Requirement:
When the line containing "Definition mkv (F" is reached, include it and end there; set down verbatim every line before it, starting at the top of the records.

[Saved entries]

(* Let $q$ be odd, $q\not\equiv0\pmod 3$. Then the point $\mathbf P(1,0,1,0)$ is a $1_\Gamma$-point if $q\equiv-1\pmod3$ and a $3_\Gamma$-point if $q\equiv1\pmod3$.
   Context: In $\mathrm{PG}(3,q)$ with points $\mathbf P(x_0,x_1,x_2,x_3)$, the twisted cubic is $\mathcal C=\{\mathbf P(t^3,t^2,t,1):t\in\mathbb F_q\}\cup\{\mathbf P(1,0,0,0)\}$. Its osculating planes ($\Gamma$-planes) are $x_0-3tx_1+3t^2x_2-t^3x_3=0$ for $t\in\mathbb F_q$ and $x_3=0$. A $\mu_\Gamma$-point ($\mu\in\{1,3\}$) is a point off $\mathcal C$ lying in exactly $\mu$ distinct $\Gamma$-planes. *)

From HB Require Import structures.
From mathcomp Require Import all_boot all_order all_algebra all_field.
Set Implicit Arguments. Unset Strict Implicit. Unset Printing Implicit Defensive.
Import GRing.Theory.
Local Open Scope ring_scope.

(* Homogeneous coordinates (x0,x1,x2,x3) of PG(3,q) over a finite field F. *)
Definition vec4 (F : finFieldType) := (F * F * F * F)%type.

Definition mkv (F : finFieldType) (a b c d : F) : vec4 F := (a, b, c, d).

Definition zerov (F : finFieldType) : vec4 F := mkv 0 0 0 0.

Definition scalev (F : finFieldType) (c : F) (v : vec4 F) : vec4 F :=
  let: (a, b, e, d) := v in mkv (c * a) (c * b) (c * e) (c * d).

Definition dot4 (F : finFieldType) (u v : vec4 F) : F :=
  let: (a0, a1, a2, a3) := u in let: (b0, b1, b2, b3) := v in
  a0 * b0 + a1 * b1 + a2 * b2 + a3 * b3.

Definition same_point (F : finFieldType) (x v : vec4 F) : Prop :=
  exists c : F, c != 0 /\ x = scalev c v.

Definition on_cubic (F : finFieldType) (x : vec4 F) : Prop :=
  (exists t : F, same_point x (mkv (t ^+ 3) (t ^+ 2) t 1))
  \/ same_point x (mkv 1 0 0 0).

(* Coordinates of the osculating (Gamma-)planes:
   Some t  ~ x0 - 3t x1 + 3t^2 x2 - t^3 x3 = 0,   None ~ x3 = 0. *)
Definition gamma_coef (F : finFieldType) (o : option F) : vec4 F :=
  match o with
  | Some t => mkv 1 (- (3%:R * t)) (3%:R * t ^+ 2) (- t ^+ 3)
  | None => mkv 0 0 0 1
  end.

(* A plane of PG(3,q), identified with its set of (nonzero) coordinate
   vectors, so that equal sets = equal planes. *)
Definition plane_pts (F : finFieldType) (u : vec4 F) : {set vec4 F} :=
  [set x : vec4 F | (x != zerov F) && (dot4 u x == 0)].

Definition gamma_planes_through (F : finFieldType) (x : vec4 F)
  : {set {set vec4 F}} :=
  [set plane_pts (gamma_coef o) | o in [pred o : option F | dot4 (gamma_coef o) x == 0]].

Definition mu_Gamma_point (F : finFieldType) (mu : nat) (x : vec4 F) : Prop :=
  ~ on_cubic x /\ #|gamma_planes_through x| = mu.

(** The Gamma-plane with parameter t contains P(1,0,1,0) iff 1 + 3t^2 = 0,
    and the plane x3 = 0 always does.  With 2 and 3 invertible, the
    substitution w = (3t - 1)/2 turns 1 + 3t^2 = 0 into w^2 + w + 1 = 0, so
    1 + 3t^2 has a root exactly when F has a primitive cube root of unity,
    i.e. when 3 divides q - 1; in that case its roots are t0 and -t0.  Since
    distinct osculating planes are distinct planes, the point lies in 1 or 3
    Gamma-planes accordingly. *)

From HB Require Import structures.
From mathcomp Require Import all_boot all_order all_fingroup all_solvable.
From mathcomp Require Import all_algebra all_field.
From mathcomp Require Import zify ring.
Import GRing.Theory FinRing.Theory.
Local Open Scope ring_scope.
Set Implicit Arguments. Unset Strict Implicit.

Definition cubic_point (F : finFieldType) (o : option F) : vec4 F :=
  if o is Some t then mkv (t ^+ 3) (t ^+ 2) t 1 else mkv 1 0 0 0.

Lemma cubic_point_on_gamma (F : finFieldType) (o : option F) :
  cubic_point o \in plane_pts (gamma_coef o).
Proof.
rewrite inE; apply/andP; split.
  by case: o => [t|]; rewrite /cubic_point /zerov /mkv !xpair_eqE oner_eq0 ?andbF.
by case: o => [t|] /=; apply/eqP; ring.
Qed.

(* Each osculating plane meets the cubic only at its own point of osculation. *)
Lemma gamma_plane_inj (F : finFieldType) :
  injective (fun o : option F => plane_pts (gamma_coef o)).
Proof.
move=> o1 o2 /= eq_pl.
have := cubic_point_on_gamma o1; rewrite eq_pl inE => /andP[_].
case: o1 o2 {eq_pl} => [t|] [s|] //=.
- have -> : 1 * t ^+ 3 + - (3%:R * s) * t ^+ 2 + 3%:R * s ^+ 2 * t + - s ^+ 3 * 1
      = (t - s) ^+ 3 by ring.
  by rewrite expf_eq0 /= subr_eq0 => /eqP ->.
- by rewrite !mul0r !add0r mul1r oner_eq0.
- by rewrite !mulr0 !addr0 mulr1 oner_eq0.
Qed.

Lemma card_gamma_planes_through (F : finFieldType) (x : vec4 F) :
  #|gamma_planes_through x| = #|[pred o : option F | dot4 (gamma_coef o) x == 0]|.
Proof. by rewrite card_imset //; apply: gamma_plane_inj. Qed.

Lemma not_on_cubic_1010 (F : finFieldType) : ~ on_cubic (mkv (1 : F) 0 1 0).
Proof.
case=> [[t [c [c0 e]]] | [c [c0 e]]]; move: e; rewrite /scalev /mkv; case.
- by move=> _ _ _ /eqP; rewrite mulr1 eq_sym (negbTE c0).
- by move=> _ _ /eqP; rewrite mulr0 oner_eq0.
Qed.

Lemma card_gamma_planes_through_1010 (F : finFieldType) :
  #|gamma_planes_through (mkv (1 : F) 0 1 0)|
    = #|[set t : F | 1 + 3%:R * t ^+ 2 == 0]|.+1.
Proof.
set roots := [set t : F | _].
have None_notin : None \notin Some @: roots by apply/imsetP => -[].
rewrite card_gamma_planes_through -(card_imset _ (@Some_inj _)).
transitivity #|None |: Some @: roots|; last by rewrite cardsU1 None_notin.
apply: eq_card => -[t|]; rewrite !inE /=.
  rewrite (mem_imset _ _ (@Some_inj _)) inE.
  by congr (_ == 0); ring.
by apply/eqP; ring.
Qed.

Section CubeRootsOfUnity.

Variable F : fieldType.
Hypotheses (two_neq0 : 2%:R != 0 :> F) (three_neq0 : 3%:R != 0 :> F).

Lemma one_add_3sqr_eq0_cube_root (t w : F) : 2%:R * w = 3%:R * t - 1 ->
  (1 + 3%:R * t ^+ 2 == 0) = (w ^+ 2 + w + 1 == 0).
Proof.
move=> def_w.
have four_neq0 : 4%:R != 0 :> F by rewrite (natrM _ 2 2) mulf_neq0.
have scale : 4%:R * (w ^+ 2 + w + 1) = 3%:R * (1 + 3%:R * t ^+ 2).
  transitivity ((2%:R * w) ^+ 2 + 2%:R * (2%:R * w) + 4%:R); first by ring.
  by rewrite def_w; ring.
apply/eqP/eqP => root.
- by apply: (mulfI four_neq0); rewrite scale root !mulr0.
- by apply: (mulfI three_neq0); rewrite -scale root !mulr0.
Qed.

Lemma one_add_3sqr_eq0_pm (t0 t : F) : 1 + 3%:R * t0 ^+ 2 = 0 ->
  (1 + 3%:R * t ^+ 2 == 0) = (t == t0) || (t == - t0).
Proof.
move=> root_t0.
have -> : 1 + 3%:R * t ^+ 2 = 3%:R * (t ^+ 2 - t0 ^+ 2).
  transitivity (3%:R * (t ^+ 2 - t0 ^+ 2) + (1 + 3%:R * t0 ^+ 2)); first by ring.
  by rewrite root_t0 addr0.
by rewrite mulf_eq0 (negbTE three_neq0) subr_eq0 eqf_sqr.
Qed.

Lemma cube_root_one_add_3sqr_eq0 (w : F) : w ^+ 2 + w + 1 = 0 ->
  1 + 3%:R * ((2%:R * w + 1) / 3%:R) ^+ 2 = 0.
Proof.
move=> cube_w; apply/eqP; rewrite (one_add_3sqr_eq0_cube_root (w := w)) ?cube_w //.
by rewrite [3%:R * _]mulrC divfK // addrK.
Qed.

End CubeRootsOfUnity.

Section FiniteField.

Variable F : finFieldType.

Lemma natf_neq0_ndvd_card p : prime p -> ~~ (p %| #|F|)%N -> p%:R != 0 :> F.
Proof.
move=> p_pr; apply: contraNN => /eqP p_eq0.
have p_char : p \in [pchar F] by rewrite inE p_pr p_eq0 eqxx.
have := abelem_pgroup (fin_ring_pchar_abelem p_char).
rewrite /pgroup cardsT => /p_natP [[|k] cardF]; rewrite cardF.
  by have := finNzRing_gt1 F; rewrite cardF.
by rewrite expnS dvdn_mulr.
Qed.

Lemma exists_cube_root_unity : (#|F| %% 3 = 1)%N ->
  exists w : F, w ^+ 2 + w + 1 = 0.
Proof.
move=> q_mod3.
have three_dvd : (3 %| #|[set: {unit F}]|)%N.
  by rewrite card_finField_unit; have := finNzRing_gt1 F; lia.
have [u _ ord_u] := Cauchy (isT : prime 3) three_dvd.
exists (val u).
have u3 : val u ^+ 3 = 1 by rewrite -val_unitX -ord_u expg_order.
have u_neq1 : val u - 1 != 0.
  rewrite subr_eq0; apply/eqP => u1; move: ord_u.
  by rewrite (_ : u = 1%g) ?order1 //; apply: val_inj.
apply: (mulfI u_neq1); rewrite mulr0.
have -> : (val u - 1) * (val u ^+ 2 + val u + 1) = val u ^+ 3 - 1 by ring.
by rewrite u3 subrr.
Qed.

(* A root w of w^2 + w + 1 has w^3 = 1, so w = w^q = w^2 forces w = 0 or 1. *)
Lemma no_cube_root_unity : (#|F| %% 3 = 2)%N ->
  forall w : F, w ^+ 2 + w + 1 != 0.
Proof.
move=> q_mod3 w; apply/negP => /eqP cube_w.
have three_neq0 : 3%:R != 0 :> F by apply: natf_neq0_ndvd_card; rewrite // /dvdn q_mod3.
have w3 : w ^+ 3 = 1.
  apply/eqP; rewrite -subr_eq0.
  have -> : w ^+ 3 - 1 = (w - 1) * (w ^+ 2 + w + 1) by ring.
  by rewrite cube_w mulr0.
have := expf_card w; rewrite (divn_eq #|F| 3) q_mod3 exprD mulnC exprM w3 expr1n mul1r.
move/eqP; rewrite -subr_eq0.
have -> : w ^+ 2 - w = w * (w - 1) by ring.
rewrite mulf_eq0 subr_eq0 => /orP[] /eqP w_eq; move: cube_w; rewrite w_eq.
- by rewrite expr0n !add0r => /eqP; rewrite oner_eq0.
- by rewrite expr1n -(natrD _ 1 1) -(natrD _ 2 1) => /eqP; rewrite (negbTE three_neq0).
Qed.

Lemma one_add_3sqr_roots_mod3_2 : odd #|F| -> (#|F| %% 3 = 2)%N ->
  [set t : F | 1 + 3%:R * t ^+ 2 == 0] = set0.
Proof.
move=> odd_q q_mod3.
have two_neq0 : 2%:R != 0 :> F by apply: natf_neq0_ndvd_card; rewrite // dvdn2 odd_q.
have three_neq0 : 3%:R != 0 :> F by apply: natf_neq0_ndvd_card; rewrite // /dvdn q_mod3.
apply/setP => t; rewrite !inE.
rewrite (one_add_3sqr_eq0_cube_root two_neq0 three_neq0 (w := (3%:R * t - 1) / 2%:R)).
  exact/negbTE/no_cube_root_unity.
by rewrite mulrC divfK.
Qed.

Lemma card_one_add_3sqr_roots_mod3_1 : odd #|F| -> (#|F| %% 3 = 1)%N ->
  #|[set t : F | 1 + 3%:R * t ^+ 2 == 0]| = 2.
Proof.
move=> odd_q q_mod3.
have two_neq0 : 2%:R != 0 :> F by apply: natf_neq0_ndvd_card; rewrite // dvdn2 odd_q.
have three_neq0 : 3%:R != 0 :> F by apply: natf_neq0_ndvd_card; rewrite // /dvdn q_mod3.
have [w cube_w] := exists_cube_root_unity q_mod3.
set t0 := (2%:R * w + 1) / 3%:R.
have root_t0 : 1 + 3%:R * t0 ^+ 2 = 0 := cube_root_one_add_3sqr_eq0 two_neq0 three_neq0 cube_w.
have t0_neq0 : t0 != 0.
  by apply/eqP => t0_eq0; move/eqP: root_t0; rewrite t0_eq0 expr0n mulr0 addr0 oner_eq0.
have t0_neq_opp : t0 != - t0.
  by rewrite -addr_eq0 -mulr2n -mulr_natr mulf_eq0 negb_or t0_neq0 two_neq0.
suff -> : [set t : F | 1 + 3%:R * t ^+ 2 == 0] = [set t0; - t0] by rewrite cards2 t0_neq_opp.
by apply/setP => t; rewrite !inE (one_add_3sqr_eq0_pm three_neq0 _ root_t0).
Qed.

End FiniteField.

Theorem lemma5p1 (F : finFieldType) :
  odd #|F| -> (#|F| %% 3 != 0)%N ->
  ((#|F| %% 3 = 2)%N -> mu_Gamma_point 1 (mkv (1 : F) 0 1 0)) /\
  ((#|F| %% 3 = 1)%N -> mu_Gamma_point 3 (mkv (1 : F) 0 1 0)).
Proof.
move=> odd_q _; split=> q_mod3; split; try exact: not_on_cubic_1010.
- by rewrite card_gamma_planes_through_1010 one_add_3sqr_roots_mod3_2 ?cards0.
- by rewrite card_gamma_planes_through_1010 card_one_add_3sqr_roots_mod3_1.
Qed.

Output below:
(* Let $q$ be odd, $q\not\equiv0\pmod 3$. Then the point $\mathbf P(1,0,1,0)$ is a $1_\Gamma$-point if $q\equiv-1\pmod3$ and a $3_\Gamma$-point if $q\equiv1\pmod3$.
   Context: In $\mathrm{PG}(3,q)$ with points $\mathbf P(x_0,x_1,x_2,x_3)$, the twisted cubic is $\mathcal C=\{\mathbf P(t^3,t^2,t,1):t\in\mathbb F_q\}\cup\{\mathbf P(1,0,0,0)\}$. Its osculating planes ($\Gamma$-planes) are $x_0-3tx_1+3t^2x_2-t^3x_3=0$ for $t\in\mathbb F_q$ and $x_3=0$. A $\mu_\Gamma$-point ($\mu\in\{1,3\}$) is a point off $\mathcal C$ lying in exactly $\mu$ distinct $\Gamma$-planes. *)

From HB Require Import structures.
From mathcomp Require Import all_boot all_order all_algebra all_field.
Set Implicit Arguments. Unset Strict Implicit. Unset Printing Implicit Defensive.
Import GRing.Theory.
Local Open Scope ring_scope.

(* Homogeneous coordinates (x0,x1,x2,x3) of PG(3,q) over a finite field F. *)
Definition vec4 (F : finFieldType) := (F * F * F * F)%type.

Definition mkv (F : finFieldType) (a b c d : F) : vec4 F := (a, b, c, d).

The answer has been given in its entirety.